Das Ziel ist es, die Frage zu klären, ob die „Gabe des Prometheus“ – also die Kultur – als Segen oder Fluch für die Menschheit zu bewerten ist und ob es Auswege aus der damit verbundenen Entfremdung gibt.

Welche wissenschaftliche Methode wird verwendet?

Die Autorin nutzt eine literaturgestützte, geisteswissenschaftliche Analyse, indem sie klassische philosophische Positionen (u.a. Platon, Rousseau, Simmel, Cassirer) gegenüberstellt und kritisch hinterfragt.

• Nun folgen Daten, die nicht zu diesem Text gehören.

Lemma exists_ge_average (R : realDomainType) (I : finType) (A : {set I}) (b : I -> R) s i0 :
  i0 \in A -> #|A|%:R * s <= \sum_(i in A) b i ->
  (exists2 i, i \in A & s < b i) \/ s <= b i0.
Proof.
move=> Ai0 le_sum; have [le_s_bi0|lt_bi0_s] := leP s (b i0); first by right.
left; apply/exists_inP; apply: contraTT le_sum => /exists_inPn b_le_s.
have gap_gt0 : 0 < \sum_(i in A) (s - b i).
  apply: sumr_gt0_mem Ai0 _ _; last by rewrite subr_gt0.
  by move=> i /b_le_s; rewrite subr_ge0 leNgt.
by rewrite sumrB sumr_const -mulr_natl subr_gt0 in gap_gt0; rewrite -ltNge.
Qed.

End Averaging.

Section ForestWeight.
Local Open Scope ring_scope.

Definition forest_weight (d : nat) : rat := if d is 0 then 1 else 2 / d.+1%:R.

Lemma forest_weight_mulrn d : (0 < d)%N -> forest_weight d *+ d.+1 = 2.
Proof. by case: d => // d _; rewrite /= -(mulr_natr (2 / _)) divfK ?pnatr_eq0. Qed.

Lemma forest_weight_step d :
  forest_weight d *+ d.+1 = forest_weight d.-1 *+ d + (d <= 1)%N%:R.
Proof.
case: d => [|[|d]]; first by rewrite /= mulr0n add0r.
  by rewrite forest_weight_mulrn.
by rewrite !forest_weight_mulrn ?addr0.
Qed.

Lemma forest_weight_le1 d : forest_weight d <= 1.
Proof.
by case: d => //= d; rewrite ler_pdivrMr ?ltr0n // mul1r ler_nat.
Qed.

Lemma forest_weight_lt1 d : (1 < d)%N -> forest_weight d < 1.
Proof.
by case: d => //= d d_gt0; rewrite ltr_pdivrMr ?ltr0n // mul1r ltr_nat.
Qed.

End ForestWeight.

Section ForestBound.
Local Open Scope ring_scope.
Variables (T : finType) (e : rel T).
Hypotheses (e_sym : symmetric e) (e_irr : irreflexive e).

Local Notation deg := (deg e).

Definition weight (U : {set T}) : rat := \sum_(u in U) forest_weight (deg U u).

Definition has_induced_path3 (U : {set T}) : Prop :=
  exists a b c, [/\ [set a; b; c] \subset U, e a b, e b c, a != c & ~~ e a c].

Lemma weight_setT : weight setT = \sum_(u : T) forest_weight (deg setT u).
Proof. by apply: eq_bigl => u; rewrite inE. Qed.

Lemma deg_setD1 (U : {set T}) w u :
  w \in U -> deg U u = (deg (U :\ w) u + e u w)%N.
Proof.
move=> Uw; rewrite /deg (cardsD1 w) !inE Uw /= addnC; congr (_ + _)%N.
by apply: eq_card => v; rewrite !inE; case: eqP => // ->.
Qed.

Lemma deg_lt_card (U : {set T}) u : u \in U -> (deg U u < #|U|)%N.
Proof.
move=> Uu; apply: proper_card; rewrite properE; apply/andP; split.
  by apply/subsetP => v; rewrite inE => /andP [].
by apply/subsetPn; exists u; rewrite // inE e_irr andbF.
Qed.

Lemma sum_forest_weight_setD1 (U : {set T}) u : u \in U ->
  \sum_(w in U :\ u) forest_weight (deg (U :\ w) u) =
  forest_weight (deg U u).-1 *+ deg U u + forest_weight (deg U u) *+ (#|U| - (deg U u).+1).
Proof.
move=> Uu; set N := [set v in U | e u v].
have sNU : N \subset U :\ u.
  apply/subsetP => v; rewrite !inE => /andP [-> euv].
  by case: eqP euv => // ->; rewrite e_irr.
have deg_nbr w : w \in N -> deg (U :\ w) u = (deg U u).-1.
  by rewrite inE => /andP [Uw euw]; rewrite (deg_setD1 u Uw) euw addn1.
have deg_non w : w \in (U :\ u) :\: N -> deg (U :\ w) u = deg U u.
  rewrite !inE => /andP [+ /andP [_ Uw]]; rewrite Uw /= => /negbTE euw.
  by rewrite (deg_setD1 u Uw) euw addn0.
rewrite (big_setID N) /= (setIidPr sNU).
rewrite (eq_bigr _ (fun w Nw => congr1 forest_weight (deg_nbr w Nw))).
rewrite (eq_bigr _ (fun w Nw => congr1 forest_weight (deg_non w Nw))) !sumr_const.
by rewrite cardsD (setIidPr sNU) (cardsD1 u U) Uu add1n subSS.
Qed.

Was wird im Hauptteil behandelt?

Der Hauptteil analysiert die Notwendigkeit der Kultur für das „Mängelwesen Mensch“ und stellt dem die Gefahren der Entfremdung gegenüber, sowohl im Sinne der Abkehr von natürlichen Bedürfnissen als auch durch die Eigendynamik geschaffener Werke.

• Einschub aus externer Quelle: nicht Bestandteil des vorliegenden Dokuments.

Lemma derive_dirZ f p v (k : R) : derivable f p v -> 'D_(k *: v) f p = k * 'D_v f p.
Proof.
move=> fv; apply: derive_of_approx => e e0.
have k1 : 0 < `|k| + 1 by rewrite ltr_wpDl.
have hk : (fun h : R => h * k) @ 0^' --> (0 : R).
  apply: cvg_within_filter; have := @cvgMr_tmp _ _ _ _ id 0 k cvg_id; rewrite mul0r; exact.
near=> h.
have : `|f (p + (h * k) *: v) - f p - (h * k) * 'D_v f p| <= e / (`|k| + 1) * `|h * k|.
  by near: h; exact: hk _ (derive_approx fv (divr_gt0 e0 k1)).
rewrite scalerA mulrA => /le_trans; apply.
have -> : e / (`|k| + 1) * `|h * k| = e * `|h| * (`|k| / (`|k| + 1)).
  by rewrite normrM; ring.
apply: ler_piMr; first by rewrite mulr_ge0 // ltW.
by rewrite ler_pdivrMr // mul1r lerDl.
Unshelve. all: by end_near.
Qed.

End DirectionalDerivative.

Section Gradient.
Variables (R : realType) (d : nat).

Definition grad (f : Vec R d -> R) (p : Vec R d) : Vec R d :=
  \row_i 'D_(delta_mx 0 i) f p.

Lemma derive_grad (f : Vec R d -> R) p v :
  (forall w x, derivable f x w) -> (forall w, continuous ('D_w f)) ->
  'D_v f p = dot (grad f p) v.
Proof.
move=> df cf; rewrite {1}(row_sum_delta v).
rewrite (big_morph (fun w => 'D_w f p) (fun a b => derive_dirD (df a p) (df b) (cf b p))
                   (derive0 f p)).
by apply: eq_bigr => i _; rewrite derive_dirZ // mxE mulrC.
Qed.

End Gradient.

Unset Implicit Arguments.

Section ConvexHypersurface.
Context {R : realType} {d : nat} {g : Vec R d -> R}.
Hypothesis g_smooth : smooth g.
Hypothesis g_regular : forall q, g q = 0 -> exists v, 'D_v g q != 0.
Hypothesis g_convex : forall x y (t : R),
  g x < 0 -> g y < 0 -> 0 <= t <= 1 -> g ((1 - t) *: x + t *: y) < 0.
Hypothesis g_qconvex :
  forall q v, g q = 0 -> v != 0 -> tangent g q v -> 0 < dirder g [:: v; v] q.
Hypothesis g0 : g 0 < 0.
Hypothesis g_bounded : exists B, forall x, g x <= 0 -> enorm x <= B.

Welche Schlüsselbegriffe charakterisieren die Arbeit?

Wesentliche Begriffe sind „Mängelwesen“, „Tragödie der Kultur“, „homme sauvage“, „Entfremdung“ und die kritische Auseinandersetzung mit dem freien Willen innerhalb gesellschaftlicher Strukturen.

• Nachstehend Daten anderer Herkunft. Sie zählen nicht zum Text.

Lemma approx_err2_source_le a : 0 < a ->
  approx_err2 lam xd a <= Rpower L (2 * (mu - m)) * ssum (fun i => om i ^ 2) * Rpower a (2 * m).
Proof.
  intros Ha. rewrite Rmult_assoc, (Rmult_comm (ssum _)), <- Rmult_assoc.
  apply ssum_le_scal; [|exact ex_series_om]. intros i. rewrite source.
  destruct (filter_bounds (lam i) a) as [Hf _]; [apply lam_bounds | exact Ha |].
  split; [apply Rmult_le_pos; apply pow2_ge_0|].
  apply source_coord_le; auto. split; [apply pow2_ge_0 | nra].
Qed.

Lemma psi_SL2_exact_source_le a : 0 < a ->
  psi_SL2_exact lam xd a <= Rpower L (2 * (mu - m)) * ssum (fun i => om i ^ 2) * Rpower a (2 * m).
Proof.
  intros Ha. rewrite Rmult_assoc, (Rmult_comm (ssum _)), <- Rmult_assoc.
  apply ssum_le_scal; [|exact ex_series_om]. intros i. rewrite source, <- Rmult_assoc.
  pose proof (psi_exact_weight_bounds (lam i) a (proj1 (lam_bounds i)) Ha) as Hw.
  split; [apply Rmult_le_pos; [lra | apply pow2_ge_0]|].
  apply source_coord_le; auto.
Qed.
End Source_condition.

(** * Convergence rate of the simple-L ratio minimizer *)

Section Rate.
Variables (lam xd : nat -> R) (L alpha_max C2 m cG : R) (i0 : nat).
Hypothesis lam_ge0 : forall i, 0 <= lam i.
Hypothesis lam_le : forall i, lam i <= L.
Hypothesis alpha_max_gt0 : 0 < alpha_max.
Hypothesis m_range : 0 < m <= 1/2.
Hypothesis ex_series_xd : ex_series (fun i => xd i ^ 2).
Hypothesis cG_ge0 : 0 <= cG.
(* Only these two consequences of the source condition enter the argument. *)
Hypothesis approx_rate : forall a, 0 < a -> approx_err2 lam xd a <= cG * Rpower a (2 * m).
Hypothesis exact_rate : forall a, 0 < a -> psi_SL2_exact lam xd a <= cG * Rpower a (2 * m).
Hypothesis lam_i0 : 0 < lam i0.
Hypothesis xd_i0 : xd i0 <> 0.

(* With the reference parameter [delta ^ q] one has [delta ^ 2 = delta ^ p * delta ^ q] and
   [(delta ^ q) ^ (2 m) = delta ^ p]: it balances the approximation error [alpha ^ (2 m)]
   against the propagated noise [delta ^ 2 / alpha], and [delta ^ p] is the resulting rate. *)
Let p := 4 * m / (2 * m + 1).
Let q := 2 / (2 * m + 1).

Let X := ssum (fun i => xd i ^ 2).
(* With [eps = delta ^ p]: [K1 * eps] bounds [psi_SL2 / tik_norm2] at the reference parameter,
   [K2] is the factor through which MC_2 controls the propagated noise, and [K3 * eps] bounds
   that noise at the minimizer. *)
Let K1 := 16 * (cG + 1/4) / xd i0 ^ 2.
Let K2 := 8 * (Rabs C2 + 1).
Let K3 := 8 * K2 * K1 * X + 4 * K2 * cG + 1/4.

Let X_ge0 : 0 <= X.
Proof. apply ssum_ge0; [intros; apply pow2_ge_0 | exact ex_series_xd]. Qed.

Let xd_i0_sq_gt0 : 0 < xd i0 ^ 2.
Proof. pose proof (Rsqr_pos_lt _ xd_i0). unfold Rsqr in *. nra. Qed.

Let K1_gt0 : 0 < K1.
Proof. apply Rdiv_lt_0_compat; lra. Qed.

Let K2_ge8 : 8 <= K2.
Proof. pose proof (Rabs_pos C2). unfold K2. lra. Qed.

Let K3_ge : 1/4 <= K3.
Proof. assert (0 <= K2 * K1 * X) by (apply Rmult_le_pos; [nra | lra]). unfold K3. nra. Qed.

Definition noise_level_small delta :=
  0 < delta <= 1 /\ Rpower delta q <= lam i0 /\ Rpower delta q < alpha_max /\
  Rpower delta p <= / (8 * K2 * K1) /\ 16 * delta ^ 2 <= lam i0 * xd i0 ^ 2.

Warum sieht Rousseau Kultur als Gefahr?

Nach Rousseau führt die Kultur zur Verweichlichung und zum Verlust ursprünglicher instinktiver Fähigkeiten, während sie zudem soziale Laster und Abhängigkeiten erst ermöglicht.

Wie löst Cassirer den Konflikt des Dualismus?

Cassirer entschärft den unheilvollen Dualismus, indem er das Werk nicht nur als Bedrohung, sondern als Voraussetzung sieht, durch die das Ich sich erst findet und eine Verbindung zum Du herstellt.

Ist eine „Rückkehr zur Natur“ laut der Arbeit realistisch?

Nein, eine vollständige Rückkehr wird als unpraktikabel verworfen; stattdessen wird ein bewussterer Umgang mit kulturellen Gütern und der Verzicht auf überflüssige Technik als gangbarer Mittelweg vorgeschlagen.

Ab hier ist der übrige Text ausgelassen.